PIL: Nel 2019 il prodotto interno (pil) del nostro Paese resterà fermo, a fronte della
precedente previsione di una crescita dello 0,1%.
Tagliate da un +0,5% a un +0,4% anche le stime sul 2020 mentre nel 2021 si ipotizza un
aumento del pil dello 0,6%. "Ci aspettiamo che la crescita trimestrale resti compresa nel
range 0%-0,1% per il prossimo futuro", si legge nel Global Economic Outlook di Fitch.
(Ansa, Fitch Ratings)

In Italia è proseguita la fase di crescita lieve dei livelli complessivi di attività economica.
Secondo la stima preliminare, il Pil nel terzo trimestre è aumentato dello 0,1%
congiunturale, confermando la dinamica dei tre trimestri precedenti. L’incremento
tendenziale nel terzo trimestre è stato pari a +0,3% e la crescita acquisita per il 2019 si è
attestata al +0,2%. (Istat, ottobre 2019)

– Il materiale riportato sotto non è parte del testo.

Lemma mulQ_loop : is_loop mul e.
Proof.
have unit_l x : mul e x = x.
  by case: x => [[x1 x2] x3]; rewrite mulE !ovf0l; congr (_, _, _); ring.
split; first by move=> x; rewrite (mulC x) unit_l.
split=> u w.
- exists (ldivQ u w); split=> [|z uz_w]; first exact: mul_ldivQ.
  by apply: (@mul_cancel u); rewrite uz_w mul_ldivQ.
- exists (ldivQ u w); split=> [|z zu_w]; first by rewrite mulC mul_ldivQ.
  by apply: (@mul_cancel u); rewrite (mulC u z) zu_w mul_ldivQ.
Qed.

(* The associator of (0,0,1), (0,0,1), (0,1,0) is 1. *)
Lemma mulQ_nonassoc : ~ associative_op mul.
Proof.
move=> /(_ (0, 0, 1) (0, 0, 1) (0, 1, 0)) /eqP.
by rewrite assoc_iff /assoc_defect /= !mul1r mulr0 subr0 oner_eq0.
Qed.

Lemma card_Q : #|[set: T]| = (n'.+2 ^ 3)%N.
Proof. by rewrite cardsT !card_prod card_ord expnS expnS expn1 mulnA. Qed.

(* Nuclei and center: x is in a nucleus iff the associator defect vanishes
   identically in the other two arguments; testing against the basis vectors
   (0,1,0), (0,0,1) forces the relevant coordinates of x to vanish. *)
Lemma Nlam_eq : Nlam mul = [set x : T | (x.1.2 == 0) && (x.2 == 0)].
Proof.
apply/setP => x; rewrite !inE; apply/idP/idP => [/forallP nuc | /andP[/eqP x2_0 /eqP x3_0]].
  have /forallP/(_ (0, 1, 0)) := nuc (0, 0, 1).
  have /forallP/(_ (0, 0, 1)) := nuc (0, 0, 1).
  rewrite !assoc_iff /assoc_defect /= !mul1r !mulr1 !mulr0 sub0r subr0 oppr_eq0.
  by move=> -> ->.
apply/forallP => y; apply/forallP => z.
by rewrite assoc_iff /assoc_defect x2_0 x3_0 !mul0r subrr mulr0.
Qed.

(* The middle nucleus: only y3 enters the associator as a factor. *)
Lemma Nmu_eq : Nmu mul = [set x : T | x.2 == 0].
Proof.
apply/setP => y; rewrite !inE; apply/idP/idP => [/forallP nuc | /eqP y3_0].
  have /forallP/(_ (0, 1, 0)) := nuc (0, 0, 1).
  by rewrite assoc_iff /assoc_defect /= !mul1r !mulr0 subr0 mulr1.
apply/forallP => x; apply/forallP => z.
by rewrite assoc_iff /assoc_defect y3_0 mul0r.
Qed.

(* The center coincides with the left nucleus, which lies in the right one. *)
Lemma Zc_eq : Zc mul = [set x : T | (x.1.2 == 0) && (x.2 == 0)].
Proof.
apply/setP => x; rewrite [in RHS]inE /Zc inE Nlam_eq Nmu_eq !inE.
have [/andP[/eqP x2_0 /eqP x3_0] | ] := boolP ((x.1.2 == 0) && (x.2 == 0)); last by rewrite andbF.
have comm : [forall y, mul x y == mul y x] by apply/forallP => y; rewrite mulC.
have nuc_r : [forall u, forall v, mul (mul u v) x == mul u (mul v x)].
  apply/forallP => u; apply/forallP => v.
  by rewrite assoc_iff /assoc_defect x2_0 x3_0 !mulr0 subrr mulr0.
by rewrite comm nuc_r x3_0 eqxx.
Qed.

Lemma zcosetE x : zcoset mul x = [set y : T | (y.1.2 == x.1.2) && (y.2 == x.2)].
Proof.
case: x => [[x1 x2] x3]; apply/setP => -[[y1 y2] y3]; rewrite inE.
apply/imsetP/andP => [[z] | [/eqP/= -> /eqP/= ->]].
  rewrite Zc_eq inE; case: z => [[z1 z2] z3] /andP[/eqP/= -> /eqP/= ->].
  by rewrite !addr0 => -[_ -> ->].
exists (y1 - x1, 0, 0); first by rewrite Zc_eq inE /= eqxx.
by rewrite /= !ovf0r; congr (_, _, _); ring.
Qed.

Definition coset_coords (S : {set T}) : Z * Z :=
  let p := odflt e [pick x in S] in (p.1.2, p.2).

Lemma coset_coordsE x : coset_coords (zcoset mul x) = (x.1.2, x.2).
Proof.
rewrite /coset_coords; case: pickP => [y | none] /=.
  by rewrite zcosetE inE => /andP[/eqP-> /eqP->].
by have := none x; rewrite zcosetE inE !eqxx.
Qed.

Lemma quotZ_iso :
  exists phi : {set T} -> Z * Z,
    {in quotZ mul &, injective phi} /\ phi @: quotZ mul = setT /\
    (forall x y, phi (zcoset mul (mul x y)) =
                 addZ2 (phi (zcoset mul x)) (phi (zcoset mul y))).
Proof.
exists coset_coords; split; [|split].
- move=> _ _ /imsetP[x _ ->] /imsetP[y _ ->]; rewrite !coset_coordsE => -[eq2 eq3].
  by rewrite !zcosetE eq2 eq3.
- apply/setP => -[al be]; rewrite inE; apply/imsetP.
  exists (zcoset mul (0, al, be)); first exact: imset_f.
  by rewrite coset_coordsE.
- by case=> [[x1 x2] x3] [[y1 y2] y3]; rewrite !coset_coordsE.
Qed.

(* Inner mappings are shears fixing the last two coordinates. *)
Definition shear (al be : Z) (w : T) : T := (w.1.1 + al * w.1.2 + be * w.2, w.1.2, w.2).

Lemma shearK al be : cancel (shear al be) (shear (- al) (- be)).
Proof. by case=> [[w1 w2] w3]; rewrite /shear /=; congr (_, _, _); ring. Qed.

Definition shear_perm al be : {perm T} := perm (can_inj (shearK al be)).

Lemma shear_permE al be w : shear_perm al be w = shear al be w.
Proof. exact: permE. Qed.

Lemma shear_permM al be ga de :
  (shear_perm al be * shear_perm ga de)%g = shear_perm (al + ga) (be + de).
Proof.
apply/permP => -[[w1 w2] w3]; rewrite permM !shear_permE /shear /=.
congr (_, _, _); ring.
Qed.

Lemma shear_perm0 : shear_perm 0 0 = 1%g.
Proof. by apply/permP => -[[w1 w2] w3]; rewrite perm1 shear_permE /shear /= !mul0r !addr0. Qed.

Definition shears : {set {perm T}} := [set shear_perm al be | al in Z, be in Z].

Lemma shears_group_set : group_set shears.
Proof.
apply/group_setP; split; first by rewrite -shear_perm0; apply: imset2_f.
move=> _ _ /imset2P[al be _ _ ->] /imset2P[ga de _ _ ->].
by rewrite shear_permM; apply: imset2_f.
Qed.

Canonical shears_group := group shears_group_set.

(* The shear attached to the pair (u, v); both L_{u,v} and R_{u,v} equal it. *)
Definition shear_of (u v : T) : {perm T} := shear_perm (u.2 * v.2) (- (u.2 * v.1.2)).

(* L_{u,v}(w) = (vu)\(v(uw)) is w shifted by an associator defect (ii). *)
Lemma Lmap_shear u v : fperm (Lmap mul u v) = shear_of u v.
Proof.
apply: fperm_eq => w; rewrite shear_permE /Lmap ldiv_assoc.
case: u v w => [[u1 u2] u3] [[v1 v2] v3] [[w1 w2] w3].
by rewrite /shift /assoc_defect /shear /=; congr (_, _, _); ring.
Qed.

(* R_{u,v}(w) = ((wu)v)/(uv) undoes the associator shift of w(uv). *)
Lemma Rmap_shear u v : fperm (Rmap mul u v) = shear_of u v.
Proof.
apply: fperm_eq => w; rewrite shear_permE /Rmap; apply: rdiv_cancel mul_cancel_r _ _ _ _.
have -> : shear (u.2 * v.2) (- (u.2 * v.1.2)) w = shift w (- assoc_defect w u v).
  case: u v w => [[u1 u2] u3] [[v1 v2] v3] [[w1 w2] w3].
  by rewrite /shift /assoc_defect /shear /=; congr (_, _, _); ring.
by rewrite mulC mul_shift mulC mul_assoc_shift shiftK.
Qed.

(* T_u is the identity, Q being commutative. *)
Lemma Tmap_id u : fperm (Tmap mul u) = 1%g.
Proof.
apply: fperm_eq => w; rewrite perm1 /Tmap.
by apply: ldiv_cancel mul_cancel _ _ _ _; rewrite mulC.
Qed.

(* Every shear is some L_{u,v}: take u = (0,0,1), v = (0,-be,al). *)
Lemma Lset_eq : Lset mul = shears.
Proof.
apply/setP => p; apply/imset2P/imset2P => -[u v _ _ ->].
  by rewrite Lmap_shear; exists (u.2 * v.2) (- (u.2 * v.1.2)).
exists (0, 0, 1) (0, - v, u) => //.
by rewrite Lmap_shear /shear_of /= !mul1r opprK.
Qed.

Inflazione: Si è confermata l’assenza di pressioni inflazionistiche nelle diverse fasi del


processo produttivo del sistema economico italiano e la dinamica dei prezzi al consumo si
è mantenuta inferiore a quella dell’area euro, con un CPI e HICP rispettivamente del
0,67% e 0,70%. (Istat, ottobre 2019)

Consumi privati: La spesa delle famiglie è prevista crescere poco nel 2019 - sebbene
con un profilo trimestrale crescente in corso d’anno - e frenare nel 2020. Nel 2019 è
previsto un aumento del reddito disponibile delle famiglie, anche grazie all’entrata in vigore
di Rdc e Quota 100. Nel 2020, viceversa, il forte aumento dell’IVA avrà, attraverso
l’aumento dei prezzi, ricadute sul potere d’acquisto, previsto in calo. (Confindustria)
Disoccupazione/Occupazione: Torna a scendere la disoccupazione. Ad agosto il tasso è
sceso al 9,5%, in diminuzione di 0,3 punti percentuali su base mensile, aggiornando così il
minimo dal novembre del 2011. In flessione anche il dato giovanile: la percentuale di chi
cerca un lavoro e non lo trova nella fascia 15-24 anni è calata di 1,3 punti percentuali su
base mensile, portandosi al 27,1%, al punto più basso dal 2010. Il calo del tasso di
disoccupazione e dei disoccupati (-87mila) è in parte mitigato da un aumento degli inattivi
(+73mila), coloro cioé che non hanno né cercano un impiego. Si conferma invece ai
massimi storici il tasso di occupazione, cioè il rapporto tra chi ha un impiego sul totale
della popolazione di riferimento, stabile al 59,2%. Un dato, questo, che resta comunque
sensibilmente più basso rispetto alla media europea. (Repubblica)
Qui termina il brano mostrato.